# Kahr PM9?



## Carol (Mar 23, 2014)

Been looking at compact semis, and met up with someone in my area selling a Kahr PM9.  

I've shot a Glock 26 and a Springfield XD but never a Kahr.   He wants $700 it with 2 mags and Crimson Trace.  He will let me shoot it before committing to buy it, but its a little more than I had budgeted for a used piece.

Thoughts? Are the Kahr's worth it?


----------



## Tgace (Mar 23, 2014)

If you are gonna spend that much look at buying New....

Never shot a Kahr myself, but a co-worker had one. Sold it...said he didn't like the trigger.

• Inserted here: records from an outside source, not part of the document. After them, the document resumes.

Lemma card_graph_aut_preimset (A : {set {perm 'I_n}}) : A \subset I ->
  #|[set x in I | phi x \in A]| = #|A|.
Proof.
move=> AI; have [_ phi_inj _] := phi_aut.
have preim_inj : {in [set x in I | phi x \in A] &, injective phi}.
  by apply: sub_in2 phi_inj => x; rewrite inE => /andP[].
suff E : phi @: [set x in I | phi x \in A] = A by rewrite -[in RHS]E card_in_imset.
apply/setP=> y; apply/imsetP/idP=> [[x /[!inE] /andP[_ Ax] ->] // | Ay].
have /imsetP[x xI yE] : y \in phi @: I by rewrite graph_aut_imset (subsetP AI).
by exists x; rewrite // inE xI -yE Ay.
Qed.

Lemma graph_aut_tperm3 x y (Z : {set {perm 'I_n}}) :
  x \in I -> y \in I -> Z \subset I -> x != y -> #|Z| = 3 ->
  {in Z, forall z, tadj x z /\ tadj z y} ->
  exists a b c : 'I_n, [/\ a < b, b < c & phi @: Z = pmul (phi x) @: tperm3 a b c].
Proof.
move=> xI yI ZI xy Z3 adj; have [_ phi_inj phi_adj] := phi_aut.
apply: common_neighbours_tperm3.
- by apply: contra_neq xy; apply: phi_inj.
- by rewrite card_in_imset // => u v /(subsetP ZI) uI /(subsetP ZI); apply: phi_inj.
move=> _ /imsetP[z Zz ->]; have zI := subsetP ZI z Zz.
by rewrite !phi_adj //; apply: adj.
Qed.

Hypothesis phi_w : phi w = 1%g.

Lemma graph_aut_inversions_tperm3 (i j k : 'I_n) :
  i < j -> j < k -> w j < w i -> w k < w j ->
  exists a b c : 'I_n, [/\ a < b, b < c, bruhat (tperm a c) w &
    phi @: (pmul w @: tperm3 i j k) = tperm3 a b c].
Proof.
move=> ij jk wji wkj; have ik := ltn_trans ij jk; have wki := ltn_trans wkj wji.
have [ne_ij ne_ik ne_jk] := And3 (ltn_ord_neq ij) (ltn_ord_neq ik) (ltn_ord_neq jk).
have ZI : pmul w @: tperm3 i j k \subset I.
  apply/subsetP=> _ /imsetP[t /[!inE] /orP[/orP[]|] /eqP-> ->];
  by rewrite bruhat_pmul_tpermE.
set v := pmul w (pmul (tperm i j) (tperm j k)).
have vI : v \in I.
  have -> : v = pmul (pmul w (tperm i j)) (tperm j k) by rewrite /v /pmul mulgA.
  rewrite in_binterval; apply: connect_trans (_ : bruhat (pmul w (tperm i j)) w).
    by apply: bruhat_pmul_tperm; rewrite // !pmulE tpermR tpermD // eq_sym.
  by rewrite bruhat_pmul_tpermE.
have wv : w != v.
  apply: contra_neq (tperm_cycle3_neq1 ne_ij ne_ik ne_jk) => wv.
  by apply: (@mulIg _ w); rewrite mul1g [RHS]wv.
have Z3 : #|pmul w @: tperm3 i j k| = 3 by rewrite card_imset ?card_tperm3 //; apply: pmul_inj.
have [a [b [c [ab bc E]]]] := graph_aut_tperm3 (binterval_refl w) vI ZI wv Z3
  (tperm3_common_neighbours ne_ij ne_ik ne_jk).
rewrite phi_w imset_pmul1 in E; exists a, b, c; split=> //.
have : tperm a c \in phi @: (pmul w @: tperm3 i j k) by rewrite E !inE eqxx orbT.
by move/(subsetP (imsetS phi ZI)); rewrite graph_aut_imset in_binterval.
Qed.
(* In the setting described in the context, let a stochastic Runge--Kutta method with stages $s$ and random coefficients $Z^{m,n}_{ij}$, $z^{m,n}_i$ be given, and use the same coefficients in the (local) SRK Lawson scheme and in the global SRK Lawson scheme. Then the two schemes produce the same sequence of approximations: $e^{\bar L^0_n}V^0_n=Y_n$ for all $n=0,1,\dots,N$.
   Context: Setting: $d,M\in\mathbb{N}$, $t_0<T$, grid $t_0<t_1<\dots<t_N=T$ with $h=(T-t_0)/N$, $t_n=t_0+nh$. $A_0,\dots,A_M\in\mathbb{R}^{d\times d}$ pairwise commute; $g_m:[t_0,T]\times\mathbb{R}^d\to\mathbb{R}^d$; $\gamma^\star=\tfrac12$ (Itô interpretation) or $\gamma^\star=0$ (Stratonovich interpretation). Set $\Lambda=A_0-\gamma^\star\sum_{m=1}^MA_m^2$, $\tilde g_0=g_0-2\gamma^\star\sum_{m=1}^MA_mg_m$, $\tilde g_m=g_m$ ($m\ge1$). For the SRK coefficients put $c^{n,i}_m=\sum_{j=1}^sZ^{m,n}_{ij}$, $c^n_m=\sum_{i=1}^sz^{m,n}_i$, and assume $c^n_0=h$. Stage equations are assumed uniquely solvable so that both schemes are well defined. Local SRK Lawson scheme: $Y_0=x_0$; for $n=0,\dots,N-1$, with $\Delta L^n_i=\Lambda c^{n,i}_0+\sum_{m=1}^MA_mc^{n,i}_m$ and $\Delta L^n=\Lambda c^n_0+\sum_{m=1}^MA_mc^n_m$, $H_i=Y_n+\sum_{j=1}^s\sum_{m=0}^MZ^{m,n}_{ij}e^{-\Delta L^n_j}\tilde g_m(t_n+c^{n,j}_0,e^{\Delta L^n_j}H_j)$, $V^n_{n+1}=Y_n+\sum_{i=1}^s\sum_{m=0}^Mz^{m,n}_ie^{-\Delta L^n_i}\tilde g_m(t_n+c^{n,i}_0,e^{\Delta L^n_i}H_i)$, $Y_{n+1}=e^{\Delta L^n}V^n_{n+1}$. Global SRK Lawson scheme: given $W^0\in\mathbb{R}^{M+1}$ with $W^0_0=t_0$ and $V^0_0=x_0$; for $n=0,\dots,N-1$, with $L^{0,n}_i=\Lambda(t_n+c^{n,i}_0-t_0)+\sum_{m=1}^MA_m(W^n_m+c^{n,i}_m-W^0_m)$, $H^0_i=V^0_n+\sum_{j=1}^s\sum_{m=0}^MZ^{m,n}_{ij}e^{-L^{0,n}_j}\tilde g_m(t_n+c^{n,j}_0,e^{L^{0,n}_j}H^0_j)$, $V^0_{n+1}=V^0_n+\sum_{i=1}^s\sum_{m=0}^Mz^{m,n}_ie^{-L^{0,n}_i}\tilde g_m(t_n+c^{n,i}_0,e^{L^{0,n}_i}H^0_i)$, $W^{n+1}_m=W^n_m+c^n_m$ ($m=0,\dots,M$); its output is $e^{\bar L^0_n}V^0_n$ with $\bar L^0_n=\Lambda(t_n-t_0)+\sum_{m=1}^MA_m(W^n_m-W^0_m)$. *)

From HB Require Import structures.
From mathcomp Require Import all_boot all_order all_algebra.
From mathcomp Require Import all_classical all_reals all_analysis.
Set Implicit Arguments. Unset Strict Implicit. Unset Printing Implicit Defensive.
Import Order.TTheory GRing.Theory Num.Theory.
Import numFieldNormedType.Exports.
Local Open Scope ring_scope.

Definition mexp (R : realType) (d : nat) (A : 'M[R]_d) : 'M[R]_d :=
  limn (series (fun k : nat => (k`!%:R)^-1 *: A ^+ k)).

(* Data of the SRK Lawson schemes.  Indices m range over 'I_M.+1 = {0,...,M};
   stage indices over 'I_s.  Vectors of R^d are column vectors 'cV[R]_d.
   Z n m i j = Z^{m,n}_{ij},  z n m i = z^{m,n}_i. *)
Section SRKLawson.
Variables (R : realType) (d M s N : nat) (t0 T gam : R).
Variables (A : 'I_M.+1 -> 'M[R]_d) (g : 'I_M.+1 -> R -> 'cV[R]_d -> 'cV[R]_d).
Variables (Z : nat -> 'I_M.+1 -> 'I_s -> 'I_s -> R) (z : nat -> 'I_M.+1 -> 'I_s -> R).
Variable (W0 : 'I_M.+1 -> R).

Definition step_h : R := (T - t0) / N%:R.
Definition tgrid (n : nat) : R := t0 + n%:R * step_h.

Definition Lam : 'M[R]_d := A ord0 - gam *: \sum_(m < M.+1 | (0 < m)%N) A m ^+ 2.

Definition gtil (m : 'I_M.+1) (t : R) (x : 'cV[R]_d) : 'cV[R]_d :=
  if m == ord0 then
    g ord0 t x - (2 * gam) *: \sum_(k < M.+1 | (0 < k)%N) (A k *m g k t x)
  else g m t x.

Definition cst (n : nat) (i : 'I_s) (m : 'I_M.+1) : R := \sum_(j < s) Z n m i j.
Definition cw (n : nat) (m : 'I_M.+1) : R := \sum_(i < s) z n m i.

Definition DLst (n : nat) (i : 'I_s) : 'M[R]_d :=
  cst n i ord0 *: Lam + \sum_(m < M.+1 | (0 < m)%N) cst n i m *: A m.
Definition DL (n : nat) : 'M[R]_d :=
  cw n ord0 *: Lam + \sum_(m < M.+1 | (0 < m)%N) cw n m *: A m.

Definition local_incr (n : nat) (coef : 'I_M.+1 -> 'I_s -> R) (Hs : 'I_s -> 'cV[R]_d)
  : 'cV[R]_d :=
  \sum_(j < s) \sum_(m < M.+1)
     coef m j *: (mexp (- DLst n j) *m
        gtil m (tgrid n + cst n j ord0) (mexp (DLst n j) *m Hs j)).

Definition local_stage_eq (n : nat) (y : 'cV[R]_d) (Hs : 'I_s -> 'cV[R]_d) : Prop :=
  forall i : 'I_s, Hs i = y + local_incr n (fun m j => Z n m i j) Hs.

Definition local_update (n : nat) (y : 'cV[R]_d) (Hs : 'I_s -> 'cV[R]_d) : 'cV[R]_d :=
  mexp (DL n) *m (y + local_incr n (fun m i => z n m i) Hs).

Definition L0st (W : 'I_M.+1 -> R) (n : nat) (i : 'I_s) : 'M[R]_d :=
  (tgrid n + cst n i ord0 - t0) *: Lam
  + \sum_(m < M.+1 | (0 < m)%N) (W m + cst n i m - W0 m) *: A m.

Definition Lbar (W : 'I_M.+1 -> R) (n : nat) : 'M[R]_d :=
  (tgrid n - t0) *: Lam + \sum_(m < M.+1 | (0 < m)%N) (W m - W0 m) *: A m.

Definition global_incr (W : 'I_M.+1 -> R) (n : nat) (coef : 'I_M.+1 -> 'I_s -> R)
  (Hs : 'I_s -> 'cV[R]_d) : 'cV[R]_d :=
  \sum_(j < s) \sum_(m < M.+1)
     coef m j *: (mexp (- L0st W n j) *m
        gtil m (tgrid n + cst n j ord0) (mexp (L0st W n j) *m Hs j)).

Definition global_stage_eq (W : 'I_M.+1 -> R) (n : nat) (v : 'cV[R]_d)
  (Hs : 'I_s -> 'cV[R]_d) : Prop :=
  forall i : 'I_s, Hs i = v + global_incr W n (fun m j => Z n m i j) Hs.

Definition global_update (W : 'I_M.+1 -> R) (n : nat) (v : 'cV[R]_d)
  (Hs : 'I_s -> 'cV[R]_d) : 'cV[R]_d :=
  v + global_incr W n (fun m i => z n m i) Hs.

End SRKLawson.

From Pilot Require Import Defs.
From HB Require Import structures.
From mathcomp Require Import all_boot all_order all_algebra.
From mathcomp Require Import all_classical all_reals all_analysis.
From mathcomp Require Import ring.
Set Implicit Arguments. Unset Strict Implicit. Unset Printing Implicit Defensive.
Import Order.TTheory GRing.Theory Num.Theory.
Import numFieldNormedType.Exports.
Local Open Scope classical_set_scope.
Local Open Scope ring_scope.

(* The exponents Lbar_n, L^{0,n}_i, DL^n_i and DL^n are all linear combinations of
   Lambda and A_1, ..., A_M, so they commute pairwise, and e^(X+Y) = e^X e^Y for
   commuting matrices.  Since L^{0,n}_i = Lbar_n + DL^n_i and, because c^n_0 = h,
   Lbar_{n+1} = DL^n + Lbar_n, multiplying the global stage equations by e^Lbar_n
   turns them into the local stage equations for the vectors e^Lbar_n H^0_i.  By
   uniqueness of the local stage values these are the H_i, and the two update rules
   then give e^Lbar_{n+1} V^0_{n+1} = Y_{n+1}. *)

Lemma sum_antidiagonals (V : nmodType) (f : nat -> nat -> V) n :
  \sum_(k < n) \sum_(i < k.+1) f i (k - i)%N = \sum_(i < n) \sum_(j < n - i) f i j.
Proof.
elim: n => [|n IH]; first by rewrite !big_ord0.
rewrite big_ord_recr /= IH [RHS]big_ord_recr /= subSnn big_ord1.
rewrite [in RHS](eq_bigr (fun i : 'I_n => \sum_(j < n - i) f i j + f i (n - i)%N)).
  by rewrite big_split /= [X in _ + X = _]big_ord_recr /= subnn addrA.
by move=> i _; rewrite subSn ?(ltnW (ltn_ord i)) // big_ord_recr.
Qed.

Section CauchyProduct.
Variable V : pzRingType.

Definition cauchy (a b : nat -> V) (k : nat) : V := \sum_(i < k.+1) a i * b (k - i)%N.

Lemma series_mulB_cauchy (a b : nat -> V) n :
  series a n * series b n - series (cauchy a b) n =
  \sum_(i < n) \sum_(n - i <= j < n) a i * b j.
Proof.
rewrite /series /cauchy /= !big_mkord.
rewrite (@sum_antidiagonals _ (fun i j => a i * b j)) mulr_suml.
rewrite -sumrB; apply: eq_bigr => i _.
rewrite mulr_sumr -(big_mkord xpredT (fun j => a i * b j)).
by rewrite (big_cat_nat _ (leq_subr i n)) //= big_mkord addrC addrK.
Qed.

End CauchyProduct.

Lemma fact_inv_binomial (F : numFieldType) (k i : nat) : (i <= k)%N ->
  (k`!%:R : F)^-1 * 'C(k, i)%:R = (i`!%:R)^-1 * ((k - i)`!%:R)^-1.
Proof.
move=> ik; have fact_neq0 n : (n`!%:R : F) != 0 by rewrite pnatr_eq0 -lt0n fact_gt0.
have bin_neq0 : ('C(k, i)%:R : F) != 0 by rewrite pnatr_eq0 -lt0n bin_gt0.
rewrite -(bin_fact ik) !natrM; field.
by rewrite bin_neq0 !fact_neq0.
Qed.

Sent from my Kindle Fire using Tapatalk 2


----------



## Carol (Mar 23, 2014)

That was pretty much my concern.  I know the market for striker-fired compacts is pretty tight but I'm just not seeing what makes a Kahr that much better.  Especially when I can get a new G26 for 5 bills and no sales tax.


----------



## ballen0351 (Mar 23, 2014)

I like kahr.  My partner used one undercover for years.  He swore by it.   But he wants WAY too much.  They are going for around $599 for brand new in box on gun broker with free shipping


----------



## Carol (Mar 23, 2014)

ballen0351 said:


> I like kahr.  My partner used one undercover for years.  He swore by it.   But he wants WAY too much.  They are going for around $599 for brand new in box on gun broker with free shipping



Thanks Ballen, that certainly puts it in perspective.


----------



## Grenadier (Mar 24, 2014)

The Kahr PM9 is more of a true pocket pistol, when it comes to the semiautomatics.  

It's a single stack 9 mm, which is significantly thinner than the Glock 26 (which is still more of a holster-carried firearm).  It also weighs about 5-6 ounces less than the Glock.  It does a decent job of managing recoil, since it has a locked breech mechanism.  Overall, it will have less felt recoil than a S&W J-frame Airweight.  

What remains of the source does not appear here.